The stimulation was applied to the region of the brain called the prefrontal cortex, which has an “important role in mediating responses to stressful situations,” Cohen says.

Drug treatment was neither stopped nor changed in the three weeks prior to the study or during the study. Patients continued to receive the same individual and group supportive psychotherapy as before the intervention. The severity of PTSD, depression and anxiety were blindly assessed before, during, and after completion of the treatment protocol.

The team found that the magnet therapy had a positive effect, and specifically that patients experience more improvement with high-frequency therapy than low-frequency therapy or the placebo therapy. After their ten daily treatments, the high-frequency therapy patients experienced greater reductions in anxiety, greater feelings of comfort and slept better.
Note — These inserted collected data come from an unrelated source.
(* In any tree $T=(V,E)$, $$n_T(\mathcal{L}_5)=\frac12\sum_{st\in E}\big(g_2(s,t)+g_2(t,s)\big),\qquad g_2(s,t)=(k_t-1)(\xi(s)-k_t-k_s+1).$$
   Context: $k_x$ is the degree of $x$, $\xi(s)=\sum_{t\in\Gamma(s)}k_t$ the sum of the degrees of the neighbours of $s$. $\mathcal{L}_5$ is the path on 5 vertices and $n_T(\mathcal{L}_5)$ the number of subgraphs of $T$ isomorphic to it. *)

From HB Require Import structures.
From mathcomp Require Import all_boot all_order all_algebra.
Set Implicit Arguments. Unset Strict Implicit. Unset Printing Implicit Defensive.
Import GRing.Theory Num.Theory.

Definition simple_graph (V : finType) (e : rel V) : Prop :=
  symmetric e /\ irreflexive e.

Definition has_cycle (V : finType) (e : rel V) : Prop :=
  exists (x : V) (p : seq V),
    [/\ 2 <= size p, uniq (x :: p), path e x p & e (last x p) x].

Definition is_tree (V : finType) (e : rel V) : Prop :=
  [/\ simple_graph e, (forall x y, connect e x y) & ~ has_cycle e].

Definition edges (V : finType) (e : rel V) : {set {set V}} :=
  [set [set x; y] | x in V, y in V & e x y].

Definition deg (V : finType) (e : rel V) (x : V) : nat := #|[set y | e x y]|.

Definition xi (V : finType) (e : rel V) (s : V) : nat :=
  \sum_(t | e s t) deg e t.

Definition g2 (V : finType) (e : rel V) (s t : V) : int :=
  ((deg e t)%:Z - 1) * ((xi e s)%:Z - (deg e t)%:Z - (deg e s)%:Z + 1).

(* A subgraph (W, F) of the graph (vertex set W, edge set F) is isomorphic to
   the path L_5 on 5 vertices iff there is an injective f : 'I_5 -> V with
   W = f('I_5), and F = { {f i, f (i+1)} | i < 4 } contained in the edge set. *)
Definition is_L5_subgraph (V : finType) (e : rel V) (WF : {set V} * {set {set V}}) : bool :=
  (WF.2 \subset edges e) &&
  [exists f : {ffun 'I_5 -> V},
     [&& injectiveb f,
         WF.1 == [set f i | i : 'I_5] &
         WF.2 == [set [set f (inord i); f (inord i.+1)] | i : 'I_4]]].

Definition nL5 (V : finType) (e : rel V) : nat :=
  #|[set WF | is_L5_subgraph e WF]|.

From mathcomp Require Import all_boot all_order all_algebra zify.
Import GRing.Theory Num.Theory.
Set Implicit Arguments.
Unset Strict Implicit.
Unset Printing Implicit Defensive.

(* Every copy of L_5 is traced by exactly two injective walks a-b-c-d-x, one
   the reverse of the other, so 2 n_T(L_5) counts such walks. In a tree there
   are no 3- or 4-cycles, so a-b-c-d-x is injective as soon as a <> c, b <> d
   and c <> x. Grouping the walks by the oriented middle edge (c, b), the
   choices of a and of (d, x) are independent and number
   (k_b - 1) * sum_{d ~ c, d <> b} (k_d - 1) = g_2(c, b); summing over both
   orientations of every edge gives the formula. *)

Lemma adjacent_index_rigid (j : nat -> nat) :
  (forall i, i < 5 -> j i < 5) ->
  {in [pred i | i < 5] &, injective j} ->
  (forall i, i < 4 -> j i.+1 = (j i).+1 \/ j i = (j i.+1).+1) ->
  (forall i, i < 5 -> j i = i) \/ (forall i, i < 5 -> j i = 4 - i).
Proof.
move=> j_lt j_inj j_adj.
have ne i1 i2 : i1 < 5 -> i2 < 5 -> i1 != i2 -> j i1 <> j i2.
  by move=> lt1 lt2 /eqP ne12 /j_inj; apply: contra_not ne12 => ->.
have := ne 0 2 isT isT isT; have := ne 1 3 isT isT isT; have := ne 2 4 isT isT isT.
have := j_lt 0 isT; have := j_lt 1 isT; have := j_lt 2 isT; have := j_lt 3 isT.
have := j_lt 4 isT.
case: (j_adj 0 isT) (j_adj 1 isT) (j_adj 2 isT) (j_adj 3 isT) => [] ? [] ? [] ? [] ? *;
  first [ exfalso; lia
        | by left=> -[|[|[|[|[|i]]]]] //= _; lia
        | by right=> -[|[|[|[|[|i]]]]] //= _; lia ].
Qed.

Lemma uniq5_pairs_rigid (V : finType) x0 (s s' : seq V) :
  size s = 5 -> size s' = 5 -> uniq s -> uniq s' -> {subset s' <= s} ->
  (forall i, i < 4 -> exists2 k, k < 4 &
     [set nth x0 s' i; nth x0 s' i.+1] = [set nth x0 s k; nth x0 s k.+1]) ->
  s' = s \/ s' = rev s.
Proof.
move=> size_s size_s' uniq_s uniq_s' sub_s's pairs.
pose j i := index (nth x0 s' i) s.
have j_lt i : i < 5 -> j i < 5.
  by move=> lt_i; rewrite -size_s index_mem sub_s's ?mem_nth ?size_s'.
have nth_j i : i < 5 -> nth x0 s (j i) = nth x0 s' i.
  by move=> lt_i; rewrite nth_index ?sub_s's ?mem_nth ?size_s'.
have nth_s_inj m1 m2 : m1 < 5 -> m2 < 5 -> nth x0 s m1 = nth x0 s m2 -> m1 = m2.
  by rewrite -size_s => lt1 lt2 /eqP; rewrite nth_uniq // => /eqP.
have j_inj : {in [pred i | i < 5] &, injective j}.
  move=> i1 i2; rewrite !inE => lt1 lt2 eq_j; apply/eqP.
  by rewrite -(nth_uniq x0 _ _ uniq_s') ?size_s' // -!nth_j // eq_j.
have j_adj i : i < 4 -> j i.+1 = (j i).+1 \/ j i = (j i.+1).+1.
  move=> lt_i; have [k lt_k eq_pair] := pairs i lt_i.
  have in_pair m : m < 5 -> nth x0 s m \in [set nth x0 s k; nth x0 s k.+1] ->
      m = j i \/ m = j i.+1.
    move=> lt_m; rewrite -eq_pair !inE -!nth_j; try lia.
    by case/orP=> /eqP eq_nth; [left|right]; apply: (nth_s_inj _ _ _ _ eq_nth);
      rewrite ?j_lt //; lia.
  have lt_k5 : k < 5 by lia.
  by have := in_pair k lt_k5 (set21 _ _); have := in_pair k.+1 lt_k (set22 _ _); lia.
case: (adjacent_index_rigid j_lt j_inj j_adj) => [j_id|j_rev]; [left|right];
  apply: (eq_from_nth (x0 := x0)) => [|i]; rewrite ?size_rev size_s' ?size_s // => lt_i.
  by rewrite -nth_j // j_id.
by rewrite nth_rev size_s // -nth_j // j_rev.
Qed.

Section AdjacentPairs.
Local Open Scope ring_scope.

Lemma sum_adjacent_pairs (V : finType) (e : rel V) (R : nmodType) (F : V -> V -> R) :
  symmetric e -> irreflexive e ->
  \sum_s \sum_(t | e s t && (enum_rank s < enum_rank t)%N) (F s t + F t s) =
  \sum_s \sum_(t | e s t) F s t.
Proof.
move=> e_sym e_irr.
have swap : \sum_s \sum_(t | e s t && (enum_rank s < enum_rank t)%N) F t s =
            \sum_s \sum_(t | e s t && (enum_rank t < enum_rank s)%N) F s t.
  rewrite (exchange_big_dep xpredT) //; apply: eq_bigr => s _.
  by apply: eq_bigl => t; rewrite e_sym.
under eq_bigr => s _ do rewrite big_split.
rewrite big_split /= swap -big_split; apply: eq_bigr => s _ /=.
rewrite [RHS](bigID (fun t => enum_rank s < enum_rank t)%N) /=; congr (_ + _).
apply: eq_bigl => t; case e_st: (e s t) => //=.
have ne_ts : t != s by apply: contraTneq e_st => ->; rewrite e_irr.
by rewrite -leqNgt ltn_neqAle (inj_eq val_inj) (inj_eq enum_rank_inj) ne_ts.
Qed.

End AdjacentPairs.

Section L5Walks.
Variables (V : finType) (e : rel V).

Definition walk5 := (V * V * V * V * V)%type.

Definition walk_seq (w : walk5) : seq V :=
  let: (a, b, c, d, x) := w in [:: a; b; c; d; x].

Definition walk_ffun (w : walk5) : {ffun 'I_5 -> V} :=
  [ffun i : 'I_5 => nth w.2 (walk_seq w) i].

Definition ffun_walk (f : {ffun 'I_5 -> V}) : walk5 :=
  (f (inord 0), f (inord 1), f (inord 2), f (inord 3), f (inord 4)).

Definition rev_walk (w : walk5) : walk5 :=
  let: (a, b, c, d, x) := w in (x, d, c, b, a).

Definition L5_walk (w : walk5) : bool :=
  let: (a, b, c, d, x) := w in
  [&& e a b, e b c, e c d, e d x & uniq [:: a; b; c; d; x]].

Definition L5_walks : {set walk5} := [set w | L5_walk w].

Definition traced_subgraph (f : {ffun 'I_5 -> V}) : {set V} * {set {set V}} :=
  ([set f i | i : 'I_5], [set [set f (inord i); f (inord i.+1)] | i : 'I_4]).

Definition walk_subgraph (w : walk5) := traced_subgraph (walk_ffun w).

Lemma size_walk_seq w : size (walk_seq w) = 5.
Proof. by case: w => [[[[a b] c] d] x]. Qed.

Lemma walk_seq_inj : injective walk_seq.
Proof. by case=> [[[[a b] c] d] x] [[[[? ?] ?] ?] ?] [-> -> -> -> ->]. Qed.

Lemma walk_seq_rev w : walk_seq (rev_walk w) = rev (walk_seq w).
Proof. by case: w => [[[[a b] c] d] x]. Qed.

Lemma rev_walkK : involutive rev_walk.
Proof. by case=> [[[[a b] c] d] x]. Qed.

Lemma walk_ffunE x0 w (i : 'I_5) : walk_ffun w i = nth x0 (walk_seq w) i.
Proof. by rewrite ffunE (set_nth_default x0) // size_walk_seq. Qed.

Lemma walk_ffun_inord x0 w k :
  k < 5 -> walk_ffun w (inord k) = nth x0 (walk_seq w) k.
Proof. by move=> lt_k; rewrite (walk_ffunE x0) inordK. Qed.

Lemma ffun_walkK : cancel ffun_walk walk_ffun.
Proof.
move=> f; apply/ffunP => i; rewrite (walk_ffunE (f i)).
by case: i => [[|[|[|[|[|i]]]]] lt_i] //=; congr (f _); apply: val_inj; rewrite /= inordK.
Qed.

Lemma L5_walk_uniq w : L5_walk w -> uniq (walk_seq w).
Proof. by case: w => [[[[a b] c] d] x] /and5P []. Qed.

Lemma mem_walk_vertices w v : (v \in (walk_subgraph w).1) = (v \in walk_seq w).
Proof.
apply/imsetP/idP => [[i _ ->]|/(nthP v) [i lt_i <-]].
  by rewrite (walk_ffunE v) mem_nth // size_walk_seq.
by rewrite size_walk_seq in lt_i; exists (Ordinal lt_i); rewrite // (walk_ffunE v).
Qed.

Lemma mem_walk_edges x0 w E : (E \in (walk_subgraph w).2) =
  [exists k : 'I_4, E == [set nth x0 (walk_seq w) k; nth x0 (walk_seq w) k.+1]].
Proof.
apply/imsetP/existsP => [[k _ ->]|[k /eqP ->]]; exists k => //;
  by have lt_k := ltn_ord k; rewrite !(walk_ffun_inord x0) //; lia.
Qed.

Lemma walk_subgraph_rev w : walk_subgraph (rev_walk w) = walk_subgraph w.
Proof.
suff sub_edges w' : (walk_subgraph (rev_walk w')).2 \subset (walk_subgraph w').2.
  apply: injective_projections.
    by apply/setP => v; rewrite !mem_walk_vertices walk_seq_rev mem_rev.
  by apply/eqP; rewrite eqEsubset (sub_edges w) -{1}(rev_walkK w) (sub_edges (rev_walk w)).
case: w' => [[[[a b] c] d] x]; apply/subsetP => E.
rewrite !(mem_walk_edges a) => /existsP [[[|[|[|[|k]]]] lt_k]] //= /eqP ->;
  apply/existsP; [exists (Ordinal (isT : 3 < 4)) | exists (Ordinal (isT : 2 < 4))
                 | exists (Ordinal (isT : 1 < 4)) | exists (Ordinal (isT : 0 < 4))];
  by rewrite /= setUC.
Qed.

Lemma walk_subgraph_inj w w' : L5_walk w -> L5_walk w' ->
  walk_subgraph w = walk_subgraph w' -> w' = w \/ w' = rev_walk w.
Proof.
move=> Lw Lw' eq_subgraph.
have := uniq5_pairs_rigid (x0 := w.2) (size_walk_seq w) (size_walk_seq w')
          (L5_walk_uniq Lw) (L5_walk_uniq Lw'); case.
- by move=> v; rewrite -!mem_walk_vertices eq_subgraph.
- move=> i lt_i.
  have : [set nth w.2 (walk_seq w') i; nth w.2 (walk_seq w') i.+1]
           \in (walk_subgraph w').2.
    by rewrite (mem_walk_edges w.2); apply/existsP; exists (Ordinal lt_i).
  by rewrite -eq_subgraph (mem_walk_edges w.2) => /existsP [k /eqP ->]; exists k.
- by move/walk_seq_inj; left.
- by rewrite -walk_seq_rev => /walk_seq_inj; right.
Qed.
Generally the treatment was well tolerated and cooperation was excellent among all patients who completed the course and it had no effect on any patient?s blood pressure or heart rate during the treatments. No serious side effects as seizures, neurological complications, or cognitive difficulties occurred.

Cohen says that the results of this relatively small preliminary study means that continuing trials of high-frequency magnetic therapy with PTSD patients should be conducted.

She notes that while most pharmacological treatment improves the depressive and anxiety aspects of PTSD more than the core symptoms, the TMS therapy appeared to spark improvement in the PTSD core symptoms more directly than medication. This widens the scope and possibilities of the treatment efficacy of TMS.

But Cohen remains cautious. “It is still in the research phase, and preliminary, but what we have found gives us the green light to continue. It is a good beginning and points to a direction that is a promising avenue for the continuation of the research with PTSD patients.”